Hey.
I have a HashMap like this:
HashMap<Player, Integer> players = new HashMap<Player, Integer>();
The int is for the amount of seconds the player has left. Each second one second is removed from the person: (this is inside a thread)
for (final Iterator<Player> it = players.keySet().iterator(); it.hasNext(); ) { final Player player = it.next(); if (player.isOnline()) { int seconds = getTimeLeft(player); if (seconds <= 0) { if (!(player.isDead())) { player.setHealth(0); // This kills the player } } setTimeLeft(player, --seconds); } else { it.remove(); } }
If the player has 0 seconds or less, the player is killed and later runs a method to update everything correspondingly. The player can also die naturally, either by another player or from eg. starvation, so thats why I can't necessarily add the check directly to the thread / loop.
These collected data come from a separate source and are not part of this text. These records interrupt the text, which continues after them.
(* Let $H$ be a crossed group-cograded weak Hopf quasigroup over $G$ with bijective antipode and crossing $(\pi_q)_{q\in G}$, let $p,q\in G$ and $(V,\rho^V)\in\mathcal{YDWQ}(H)_p$. Let ${}^qV$ be the vector space $V$, whose element corresponding to $v\in V$ is written ${}^qv$, with structures ${}^qv\cdot h={}^q\big(v\cdot\pi_{q^{-1}}(h)\big)$ for $h\in H_{qpq^{-1}}$, and $\rho_r^{{}^qV}({}^qv)={}^q(v_{(0)})\otimes\pi_q(v_{(1,q^{-1}rq)})$ for $r\in G$. Then ${}^qV\in\mathcal{YDWQ}(H)_{qpq^{-1}}$.
   Context: Let $k$ be a field and $G$ a group with identity $e$. A group-cograded weak Hopf quasigroup $H$ over $G$ consists of a family $(H_p)_{p\in G}$ of unital, not necessarily associative, $k$-algebras with units $1_p$; coassociative linear maps $\Delta_{p,q}:H_{pq}\to H_p\otimes H_q$, written $\Delta_{p,q}(h)=h_{(1,p)}\otimes h_{(2,q)}$ (iterated: $h_{(1,p)}\otimes h_{(2,q)}\otimes h_{(3,r)}$, etc.); and a counit $\epsilon:H_e\to k$ with $(\epsilon\otimes\mathrm{id})\Delta_{e,p}=\mathrm{id}=(\mathrm{id}\otimes\epsilon)\Delta_{p,e}$; such that: (1) each $\Delta_{p,q}$ is multiplicative and $(\Delta_{p,q}\otimes\mathrm{id})\Delta_{pq,r}(1_{pqr})=(\Delta_{p,q}(1_{pq})\otimes 1_r)(1_p\otimes\Delta_{q,r}(1_{qr}))=(1_p\otimes\Delta_{q,r}(1_{qr}))(\Delta_{p,q}(1_{pq})\otimes 1_r)$; (2) $\epsilon((gh)l)=\epsilon(g(hl))=\epsilon(gh_{(2,e)})\epsilon(h_{(1,e)}l)=\epsilon(gh_{(1,e)})\epsilon(h_{(2,e)}l)$ for $g,h,l\in H_e$; (3) writing $\Delta_{p,q}(1_{pq})=1_{(1,p)}\otimes 1_{(2,q)}$ and $\epsilon^t_p(h)=\epsilon(1_{(1,e)}h)1_{(2,p)}$, $\epsilon^s_p(h)=1_{(1,p)}\epsilon(h1_{(2,e)})$ for $h\in H_e$, there are linear maps $S_p:H_p\to H_{p^{-1}}$ with $S_p(h)=S_p(h_{(1,p)})\epsilon^t_{p^{-1}}(h_{(2,e)})=\epsilon^s_{p^{-1}}(h_{(1,e)})S_p(h_{(2,p)})$ for $h\in H_p$ and, for $h\in H_e$, $g\in H_p$: $S_{p^{-1}}(h_{(1,p^{-1})})(h_{(2,p)}g)=\epsilon^s_p(h)g$, $h_{(1,p)}(S_{p^{-1}}(h_{(2,p^{-1})})g)=\epsilon^t_p(h)g$, $(gh_{(1,p)})S_{p^{-1}}(h_{(2,p^{-1})})=g\epsilon^t_p(h)$, $(gS_{p^{-1}}(h_{(1,p^{-1})}))h_{(2,p)}=g\epsilon^s_p(h)$. It is crossed if equipped with algebra isomorphisms $\pi_p:H_q\to H_{pqp^{-1}}$ with $(\pi_p\otimes\pi_p)\Delta_{q,r}=\Delta_{pqp^{-1},prp^{-1}}\pi_p$, $\epsilon\pi_p=\epsilon$, $\pi_{pq}=\pi_p\pi_q$. The antipode is bijective if every $S_p$ is bijective. For fixed $p\in G$, a right-right $p$-Yetter-Drinfeld weak quasimodule over $H$ is a vector space $V$ with a bilinear map $V\times H_p\to V$, $(v,h)\mapsto v\cdot h$, and linear maps $\rho_r:V\to V\otimes H_r$ ($r\in G$), $\rho_r(v)=v_{(0)}\otimes v_{(1,r)}$, such that: (i) $v\cdot 1_p=v$, and for $h\in H_e$: $(v\cdot h_{(1,p)})\cdot S_{p^{-1}}(h_{(2,p^{-1})})=v\cdot\epsilon^t_p(h)$ and $(v\cdot S_{p^{-1}}(h_{(1,p^{-1})}))\cdot h_{(2,p)}=v\cdot\epsilon^s_p(h)$; (ii) $(\rho_{r_1}\otimes\mathrm{id}_{H_{r_2}})\rho_{r_2}=(\mathrm{id}_V\otimes\Delta_{r_1,r_2})\rho_{r_1r_2}$ and $(\mathrm{id}_V\otimes\epsilon)\rho_e=\mathrm{id}_V$; (iii) for all $v\in V$, $r\in G$, $h\in H_p$, $g,l\in H_r$: $\rho_r(v\cdot h)=v_{(0)}\cdot h_{(2,p)}\otimes S_{r^{-1}}(\pi_{p^{-1}}(h_{(1,pr^{-1}p^{-1})}))\,(v_{(1,r)}h_{(3,r)})$, $v_{(0)}\otimes(gl)v_{(1,r)}=v_{(0)}\otimes g(lv_{(1,r)})$, and $v_{(0)}\otimes(gv_{(1,r)})l=v_{(0)}\otimes g(v_{(1,r)}l)$. Morphisms are $H_p$-linear maps $f$ with $\rho^W_r f=(f\otimes\mathrm{id})\rho^V_r$ for all $r$. These form the category $\mathcal{YDWQ}(H)_p$. *)

From HB Require Import structures.
From mathcomp Require Import all_boot all_algebra.
From mathcomp Require Import boolp.

Set Implicit Arguments.
Unset Strict Implicit.
Unset Printing Implicit Defensive.

Import GRing.Theory.
Local Open Scope ring_scope.

Section Tensors.
Variable k : fieldType.

Definition lin (U W : lmodType k) (f : U -> W) : Prop :=
  forall (a : k) (x y : U), f (a *: x + y) = a *: f x + f y.

(* Elements of a tensor product U (x) V are represented by finite formal sums
   sum_i u_i (x) v_i, i.e. by sequences of pairs.  Two such representatives
   denote the same element of U (x) V iff they have the same image under every
   bilinear map out of U x V (universal property of the tensor product). *)
Definition teq2 (A B : lmodType k) (s t : seq (A * B)) : Prop :=
  forall (W : lmodType k) (f : A -> B -> W),
    (forall b, lin (fun a => f a b)) -> (forall a, lin (f a)) ->
    \sum_(x <- s) f x.1 x.2 = \sum_(x <- t) f x.1 x.2.

Definition teq3 (A B C : lmodType k) (s t : seq (A * B * C)) : Prop :=
  forall (W : lmodType k) (f : A -> B -> C -> W),
    (forall b c, lin (fun a => f a b c)) ->
    (forall a c, lin (fun b => f a b c)) ->
    (forall a b, lin (f a b)) ->
    \sum_(x <- s) f x.1.1 x.1.2 x.2 = \sum_(x <- t) f x.1.1 x.1.2 x.2.

Definition tscale2 (A B : lmodType k) (a : k) (s : seq (A * B)) :=
  [seq (a *: x.1, x.2) | x <- s].
End Tensors.

(* Transport between graded components H_p and H_q when p = q
   (canonical identification; the value 0 when p <> q is never used). *)
Definition tr (k : fieldType) (G : Type) (H : G -> lmodType k) (p q : G)
  (x : H p) : H q :=
  match pselect (p = q) with
  | left e => eq_rect p (fun r => (H r : Type)) x q e
  | right _ => 0
  end.
Arguments tr {k G H p q} x.

(* Data of a crossed group-cograded (weak Hopf quasi)group structure over G:
   components H_p (k-vector spaces), products, units, comultiplications
   Delta_{p,q} : H_{pq} -> H_p (x) H_q (as representatives), counit on H_e,
   antipodes S_p : H_p -> H_{p^-1}, and crossing pi_p : H_q -> H_{p q p^-1}. *)
Record cgdata (k : fieldType) (G : groupType) := CGData {
  Hc   : G -> lmodType k;
  hmul : forall p, Hc p -> Hc p -> Hc p;
  hone : forall p, Hc p;
  cop  : forall p q, Hc (p * q)%g -> seq (Hc p * Hc q);
  cou  : Hc 1%g -> k;
  ant  : forall p, Hc p -> Hc (p^-1)%g;
  crs  : forall p q, Hc q -> Hc (p * q * p^-1)%g
}.
Arguments hmul {k G} _ {p}.
Arguments hone {k G} _ p.
Arguments cop {k G} _ p q.
Arguments cou {k G} _.
Arguments ant {k G} _ {p}.
Arguments crs {k G} _ p {q}.

Section WHQ.
Variables (k : fieldType) (G : groupType) (H : cgdata k G).

Local Notation "x ** y" := (hmul H x y) (at level 40, left associativity).
Local Notation D := (cop H).
Local Notation eps := (cou H).
Local Notation S := (ant H).
Local Notation pi := (crs H).

Definition cop3 p q r (h : Hc H (p * q * r)%g) : seq (Hc H p * Hc H q * Hc H r) :=
  flatten [seq [seq (y.1, y.2, x.2) | y <- D p q x.1] | x <- D (p * q)%g r h].
Arguments cop3 : clear implicits.

Definition tmul2 p q (s t : seq (Hc H p * Hc H q)) :=
  [seq (x.1 ** y.1, x.2 ** y.2) | x <- s, y <- t].
Definition tmul3 p q r (s t : seq (Hc H p * Hc H q * Hc H r)) :=
  [seq (x.1.1 ** y.1.1, x.1.2 ** y.1.2, x.2 ** y.2) | x <- s, y <- t].

Definition epst p (h : Hc H 1%g) : Hc H p :=
  \sum_(x <- D 1%g p (hone H (1 * p)%g)) eps (x.1 ** h) *: x.2.
Definition epss p (h : Hc H 1%g) : Hc H p :=
  \sum_(x <- D p 1%g (hone H (p * 1)%g)) eps (h ** x.2) *: x.1.
Arguments epst : clear implicits.
Arguments epss : clear implicits.

Definition is_cgwhq : Prop :=
  [/\ (forall p (h : Hc H p), lin (fun g : Hc H p => g ** h)) /\
      (forall p (g : Hc H p), lin (fun h : Hc H p => g ** h)),
      forall p (h : Hc H p), hone H p ** h = h /\ h ** hone H p = h,
      forall p q (a : k) (h g : Hc H (p * q)%g),
        teq2 (D p q (a *: h + g)) (tscale2 a (D p q h) ++ D p q g),
      @lin k _ k^o eps &
      forall p, lin (ant H (p:=p))] /\
  [/\
      (forall p q r (h : Hc H (p * q * r)%g),
        teq3 (cop3 p q r h)
          (flatten [seq [seq (x.1, y.1, y.2) | y <- D q r x.2]
                      | x <- D p (q * r)%g (tr h)])) /\
      (forall p (h : Hc H p),
        \sum_(x <- D 1%g p (tr h)) eps x.1 *: x.2 = h /\
        \sum_(x <- D p 1%g (tr h)) eps x.2 *: x.1 = h),
      forall p q (g h : Hc H (p * q)%g),
        teq2 (D p q (g ** h)) (tmul2 (D p q g) (D p q h)),
      forall p q r,
        teq3 (cop3 p q r (hone H (p * q * r)%g))
          (tmul3 [seq (x.1, x.2, hone H r) | x <- D p q (hone H (p * q)%g)]
                 [seq (hone H p, x.1, x.2) | x <- D q r (hone H (q * r)%g)])
        /\
        teq3 (cop3 p q r (hone H (p * q * r)%g))
          (tmul3 [seq (hone H p, x.1, x.2) | x <- D q r (hone H (q * r)%g)]
                 [seq (x.1, x.2, hone H r) | x <- D p q (hone H (p * q)%g)]),
      forall g h l : Hc H 1%g,
        [/\ eps ((g ** h) ** l) = eps (g ** (h ** l)),
            eps (g ** (h ** l)) =
              \sum_(x <- D 1%g 1%g (tr h)) eps (g ** x.2) * eps (x.1 ** l)
          & eps (g ** (h ** l)) =
              \sum_(x <- D 1%g 1%g (tr h)) eps (g ** x.1) * eps (x.2 ** l)]
    & forall p,
      [/\ forall h : Hc H p,
            S h = \sum_(x <- D p 1%g (tr h)) S x.1 ** epst (p^-1)%g x.2 /\
            S h = \sum_(x <- D 1%g p (tr h)) epss (p^-1)%g x.1 ** S x.2,
          forall (h : Hc H 1%g) (g : Hc H p),
            \sum_(x <- D (p^-1)%g p (tr h)) tr (S x.1) ** (x.2 ** g)
              = epss p h ** g,
          forall (h : Hc H 1%g) (g : Hc H p),
            \sum_(x <- D p (p^-1)%g (tr h)) x.1 ** (tr (S x.2) ** g)
              = epst p h ** g,
          forall (h : Hc H 1%g) (g : Hc H p),
            \sum_(x <- D p (p^-1)%g (tr h)) (g ** x.1) ** tr (S x.2)
              = g ** epst p h
        & forall (h : Hc H 1%g) (g : Hc H p),
            \sum_(x <- D (p^-1)%g p (tr h)) (g ** tr (S x.1)) ** x.2
              = g ** epss p h]].

Definition is_crossing : Prop :=
  [/\ forall p q, lin (crs H p (q:=q)) /\ bijective (crs H p (q:=q)),
      (forall p q (g h : Hc H q), pi p (g ** h) = pi p g ** pi p h) /\
      (forall p q, pi p (hone H q) = hone H (p * q * p^-1)%g),
      forall p q r (h : Hc H (q * r)%g),
        teq2 [seq (pi p x.1, pi p x.2) | x <- D q r h]
             (D (p * q * p^-1)%g (p * r * p^-1)%g (tr (pi p h))),
      forall p (h : Hc H 1%g), eps (tr (pi p h)) = eps h
    & forall p q r (h : Hc H r), pi (p * q)%g h = tr (pi p (pi q h))].

Definition is_crossed_cgwhq : Prop := is_cgwhq /\ is_crossing.

Definition is_YDWQ (p : G) (V : lmodType k) (act : V -> Hc H p -> V)
  (rho : forall r, V -> seq (V * Hc H r)) : Prop :=
  [/\ (forall h, lin (fun v => act v h)) /\ (forall v, lin (act v)),
      forall r (a : k) (v w : V),
        teq2 (rho r (a *: v + w)) (tscale2 a (rho r v) ++ rho r w),
      [/\ forall v, act v (hone H p) = v,
          forall (h : Hc H 1%g) v,
            \sum_(x <- D p (p^-1)%g (tr h)) act (act v x.1) (tr (S x.2))
              = act v (epst p h)
        & forall (h : Hc H 1%g) v,
            \sum_(x <- D (p^-1)%g p (tr h)) act (act v (tr (S x.1))) x.2
              = act v (epss p h)],
      (forall r1 r2 v,
         teq3 (flatten [seq [seq (y.1, y.2, x.2) | y <- rho r1 x.1]
                          | x <- rho r2 v])
              [seq (x.1, y.1, y.2) | x <- rho (r1 * r2)%g v,
                                     y <- D r1 r2 x.2])
      /\ (forall v, \sum_(x <- rho 1%g v) eps x.2 *: x.1 = v)
    & forall r,
      [/\ forall v (h : Hc H p),
            teq2 (rho r (act v h))
              [seq (act y.1 x.1.2,
                    tr (S (tr (pi (p^-1)%g x.1.1) : Hc H (r^-1)%g))
                      ** (y.2 ** x.2))
                 | y <- rho r v,
                   x <- cop3 (p * r^-1 * p^-1)%g p r (tr h)],
          forall v (g l : Hc H r),
            teq2 [seq (y.1, (g ** l) ** y.2) | y <- rho r v]
                 [seq (y.1, g ** (l ** y.2)) | y <- rho r v]
        & forall v (g l : Hc H r),
            teq2 [seq (y.1, (g ** y.2) ** l) | y <- rho r v]
                 [seq (y.1, g ** (y.2 ** l)) | y <- rho r v]]].

End WHQ.
Arguments is_cgwhq {k G} H.
Arguments is_crossing {k G} H.
Arguments is_crossed_cgwhq {k G} H.
Arguments is_YDWQ {k G} H p V act rho.
Arguments epst {k G} H p h.
Arguments epss {k G} H p h.
Arguments cop3 {k G} H p q r h.

Definition conj_act (k : fieldType) (G : groupType) (H : cgdata k G)
  (p q : G) (V : lmodType k) (act : V -> Hc H p -> V)
  (v : V) (h : Hc H (q * p * q^-1)%g) : V :=
  act v (tr (crs H (q^-1)%g h)).

Definition conj_coact (k : fieldType) (G : groupType) (H : cgdata k G)
  (q : G) (V : lmodType k) (rho : forall r, V -> seq (V * Hc H r))
  (r : G) (v : V) : seq (V * Hc H r) :=
  [seq (y.1, tr (crs H q y.2)) | y <- rho (q^-1 * r * q)%g v].
Arguments conj_act {k G H p} q {V} act v h.
Arguments conj_coact {k G H} q {V} rho r v.

(* The crossing pi_q is an algebra isomorphism compatible with the
   comultiplications and the counit, so every axiom of ^qV is the pi_q-image of
   the corresponding axiom of V at the conjugate degree.  The one structure map
   not transported by hypothesis is the antipode: pi_q S pi_q^-1 = S because the
   identities h1 S(h2) = eps^t(h) and S(h) = eps^s(h1) S(h2) determine the
   antipode. *)

From mathcomp Require Import all_boot all_algebra.
From mathcomp Require Import boolp.

Set Implicit Arguments.
Unset Strict Implicit.
Unset Printing Implicit Defensive.

Import GRing.Theory.
Local Open Scope ring_scope.

Ltac gsimpl := repeat rewrite ?invgM ?invgK ?invg1 ?mulgA ?mulg1 ?mul1g
  ?mulgK ?mulgVK ?mulVg ?mulgV ?mulKg ?mulVKg.

Section Transport.
Variables (k : fieldType) (I : Type) (F : I -> lmodType k).

Lemma tr_id a (x : F a) : (tr x : F a) = x.
Proof. by rewrite /tr; case: pselect => // e; rewrite (Prop_irrelevance e erefl). Qed.

Lemma tr_tr a b c (x : F a) : a = b -> (tr (tr x : F b) : F c) = tr x.
Proof. by move=> e; subst b; rewrite tr_id. Qed.

Lemma tr_lin a b : lin (fun x : F a => (tr x : F b)).
Proof.
move=> c x y; rewrite /tr; case: pselect => [e|_]; last by rewrite scaler0 addr0.
by case: _ / e.
Qed.

Lemma tr_fun (J : I -> I) (f : forall a, F a -> F (J a)) a b c (x : F a) :
  a = b -> (tr (f a x) : F c) = tr (f b (tr x)).
Proof. by move=> e; subst b; rewrite tr_id. Qed.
This is the code which is run when the player dies:
public void playerKilled(Player player) { // Some validation before this players.remove(player); spectators.add(player); }
The problem with this is that it always throws a ConcurrentModificationException. I changed the HashMap to ConcurrentHashMap and that fixed it, but that forces me add a ton of null checks everywhere and it ends up extremely ugly and occasionally fails for some reason.
So the question is: What would be the best solution to avoid both of these errors while retaining the functionality?